Связь между численностью населения и определенной полезностью эволюционных форм практики, институтов человеческого взаимодействия не такая уж новость. Идея, что возможность обмена стала источником первых форм разделения труда, что мера такого разделения не может быть ограничена размерами рынка как самой этой возможности -- одна из самых глубоких интуиций Адама Смита [Smith A. An Inquiry into the Nature and causes of the Wealth of Nations, 1776; Fragments on the Division of Labour, in: Lectures on Jurisprudence, 1978].
Было достаточно быстро подмечено, что практику конкурентного рынка пытаются вытеснить те, кто преследует иные цели, чем производство. Не только Джон Локк в своем "Трактате о гражданском правлении" 1690 г., но и американец Джеймс Салливан в 1795 г. заметил, что, когда американские индейцы были вытеснены европейскими колониями, та же земля стала местом процветания для 550 мыслящих трудяг, где раньше один охотник едва находил способ прокормить себя.
Я уверен, что социализм представляет собой угрозу для настоящего и будущего человечества, ибо только рыночный порядок может поддержать существование нынешнего населения мира. Идея, что рост населения угрожает миру обнищанием, -- просто ошибка и эксцесс мальтузианской теории. Мальтус полагал, что человеческий труд можно считать гомогенным фактором производства. Эта посылка была не очень далека от истины в ту эпоху, хотя тот же Мальтус открыл и закон снижения производительности, согласно которому рост числа рабочих ведет к снижению того, что сегодня называют маргинальной производительностью, и дохода рабочего. Например, в частности, если лучшие земли были бы поделены оптимальным образом на куски. Суть двух теорем Мальтуса неплохо излагает Макклиери [McCleary G.F. The Malthusian Population Theory, London, 1953].
Однако позднее условия изменились, труд обнаружил свою негомогенную природу, что стало основой специализации. Интенсивность обмена и улучшение техники коммуникации и транспорта повышает эффективность разделения труда, ведет к радикальной специализации, делает возможным развитие новых факторов, увеличивающих производительность. Естественные и благоприобретенные способности, дополнительные во многих случаях, помогают рабочим по-разному добиваться приемлемых рыночных цен. Добровольную специализацию порождает разница в ожидаемой компенсации. Поэтому в областях с более плотным населением применяются технологии, которые будут бесполезны в малонаселенных районах. Если есть необходимый капитал, отработанные в других странах технологии можно быстро приспособить в нужном месте. Простой факт мирного сосуществования множества людей делает возможным использование большего объема ресурсов.
С пониманием негомогенного характера труда выводы Мальтуса теряют свое значение.
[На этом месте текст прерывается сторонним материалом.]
(** The singular map of [f] is the face map [d_i], whose hat is the codegeneracy [s_i]
    identifying [i] and [i+1]; [lift (lift ord0 i)] is the section of [s_i] missing [i+1], so
    every regular slice of [B] other than [r_i] and [r_{i+1}] lies over exactly one regular
    slice of [A].

    Sufficiency: a lift of [h] along [u] is forced slice by slice, by inverting the slices of
    [f] except at [r_i], where the pullback property provides it; the equations making it a
    zigzag map follow by cancelling the isomorphisms [f(s_j)].

    Necessity: collapsing the cospan [B(r_i) -> B(s_i) <- B(r_{i+1})] into a commuting span out
    of some [P] gives a zigzag of length [n] mapping to [B] over [d_i], by identities away from
    the span. For the span [f(r_i), f(r_{i+1})], [f] factors through that map, and uniqueness of
    lifts along the identity makes the lift of the map inverse to [f] slicewise. For any other
    commuting span, the slice at [r_i] of the lift is the mediating arrow; it is unique because
    replacing it by another factorization yields a second lift. *)

Set Implicit Arguments.
Unset Strict Implicit.
Unset Printing Implicit Defensive.

Section Hat.
Variables (n m : nat) (phi : 'I_n -> 'I_m).
Hypothesis phi_mono : monotone phi.

Lemma hat_leq (l : 'I_m.+1) (k : 'I_n) : (hat phi l <= k) = (l <= phi k).
Proof.
rewrite /hat inordK; last by rewrite ltnS -[n in _ <= n]size_enum_ord find_size.
set P := fun j : 'I_n => l <= phi j.
apply/idP/idP => [le_find_k | le_l_phik].
- have lt_find : find P (enum 'I_n) < n by apply: leq_ltn_trans le_find_k _.
  have /(nth_find k) : has P (enum 'I_n) by rewrite has_find size_enum_ord.
  rewrite /P (nth_ord_enum k (Ordinal lt_find)) => /leq_trans; apply.
  exact: phi_mono.
- rewrite leqNgt; apply/negP => /(before_find k).
  by rewrite nth_ord_enum /P le_l_phik.
Qed.

Lemma hat_eq (l : 'I_m.+1) (c : nat) : c <= n ->
  (forall k : 'I_n, (c <= k) = (l <= phi k)) -> hat phi l = c :> nat.
Proof.
move=> le_c_n c_thr; have le_hat_n : hat phi l <= n by rewrite -ltnS.
apply/eqP; rewrite eqn_leq; apply/andP; split.
- case: ltnP => // lt_c_hat; have lt_c : c < n by lia.
  by move: (c_thr (Ordinal lt_c)); rewrite -hat_leq /= leqnn leqNgt lt_c_hat.
- case: ltnP => // lt_hat_c; have lt_hat : hat phi l < n by lia.
  by move: (c_thr (Ordinal lt_hat)); rewrite -hat_leq /= leqnn leqNgt lt_hat_c.
Qed.

End Hat.

Lemma hat_ext n m (phi psi : 'I_n -> 'I_m) : phi =1 psi -> hat phi =1 hat psi.
Proof. by move=> e l; rewrite /hat; congr inord; apply: eq_find => j; rewrite /= e. Qed.

Lemma monotone_id n : monotone (fun j : 'I_n => j).
Proof. by []. Qed.

Lemma monotone_lift n (i : 'I_n.+1) : monotone (lift i).
Proof. by move=> a b /= le_ab; rewrite /bump; lia. Qed.

Lemma hat_id n (phi : 'I_n -> 'I_n) : (forall j, phi j = j) -> forall l, hat phi l = l.
Proof.
move=> phi_id l; apply: ord_inj; rewrite (hat_ext phi_id l); apply: hat_eq => //.
by rewrite -ltnS ltn_ord.
Qed.

Lemma hat_comp k n m (u : 'I_k -> 'I_n) (d : 'I_n -> 'I_m) (l : 'I_m.+1) :
  monotone u -> monotone d -> hat (fun j => d (u j)) l = hat u (hat d l).
Proof.
move=> u_mono d_mono; apply: val_inj; apply: hat_eq.
- by move=> a b le_ab; apply/d_mono/u_mono.
- by rewrite -ltnS ltn_ord.
- by move=> j; rewrite !hat_leq.
Qed.

Lemma hat_lift n (i : 'I_n.+1) (l : 'I_n.+2) :
  hat (lift i) l = (if l <= i then (l : nat) else l.-1) :> nat.
Proof.
have := ltn_ord l; have := ltn_ord i => lt_i lt_l.
apply: hat_eq; first exact: monotone_lift.
- by case: ifP; lia.
- by move=> k /=; rewrite /bump; case: ifP; lia.
Qed.

Section FaceIndex.
Variables (n : nat) (i : 'I_n.+1).

Lemma hat_lift_widen (j : 'I_n) :
  hat (lift i) (widen_ord (leqnSn n.+1) (lift i j)) = widen_ord (leqnSn n) j.
Proof. by apply: ord_inj; rewrite hat_lift /= /bump; case: ifP; lia. Qed.

Lemma hat_lift_lift0 (j : 'I_n) : hat (lift i) (lift ord0 (lift i j)) = lift ord0 j.
Proof. by apply: ord_inj; rewrite hat_lift /= /bump; case: ifP; lia. Qed.

Lemma hat_lift_widen_i : hat (lift i) (widen_ord (leqnSn n.+1) i) = i.
Proof. by apply: ord_inj; rewrite hat_lift /= leqnn. Qed.

Lemma hat_lift_lift0_i : hat (lift i) (lift ord0 i) = i.
Proof. by apply: ord_inj; rewrite hat_lift /= /bump; case: ifP; lia. Qed.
Рост населения по причине последующей дифференциации делает возможным еще больший его прирост, что повлечет такое самоускорение, которое способно в неопределенном времени опередить и реквизировать накопления роста материальной и духовной цивилизации.
Следовательно, не просто люди, и люди с разными способностями дают возможность продуктивного роста. Люди стали сильнее, ибо они стали разными. Новые возможности специализации из-за растущей дифференциации индивидуального начала составляют основу наилучшего использования земных ресурсов. В свою очередь, это ведет к расширению сети непрямых услуг, обеспеченных механизмом рыночной сигнализации.
Таким образом, наводнивший мир страх перед ростом населения, ведущим якобы к общему обнищанию, объясняется непониманием сути статистических подсчетов. Этим мы не отрицаем, что рост населения может привести к снижению средних доходов. Но и эту тенденцию обычно неверно толкуют. Нельзя объединять средний доход определенного числа людей с разным доходом со средним доходом последующего возросшего поколения людей. Пролетариат -- дополнительная популяция, без новых возможностей занятости его рост ограничен. Падение среднего дохода происходит из-за интенсивного роста самых низких слоев общества относительно высших стратов. Совершенно неверно заключать, что каждый становится со временем беднее. На деле каждый, кто был внизу, может стать богатым. Как бы то ни было, средний доход может снизиться, если к имеющемуся числу бедных присоединятся другие нищие. Банально, но верно, что снижение доходов совместимо с фактом, что все группы понижены в доходах, но увеличились численно. Если в основании пирамиды доходы растут больше, чем по высоте, общий рост средних доходов понизится.
Корректнее будет вывод, что процесс роста более полезен для большего числа бедных, чем для меньшего числа богатых. Капитализм создал рабочие места, дал возможность людям оторваться от земли и традиционных средств выживания. Он дал возможность небогато жить и иметь детей тем, кто без продуктивного труда не смог бы дожить до зрелого возраста. Таким образом, именно бедные извлекли наибольшую выгоду из капиталистического процесса. У Карла Маркса были все основания сказать, что пролетариат обязан тому жизнью.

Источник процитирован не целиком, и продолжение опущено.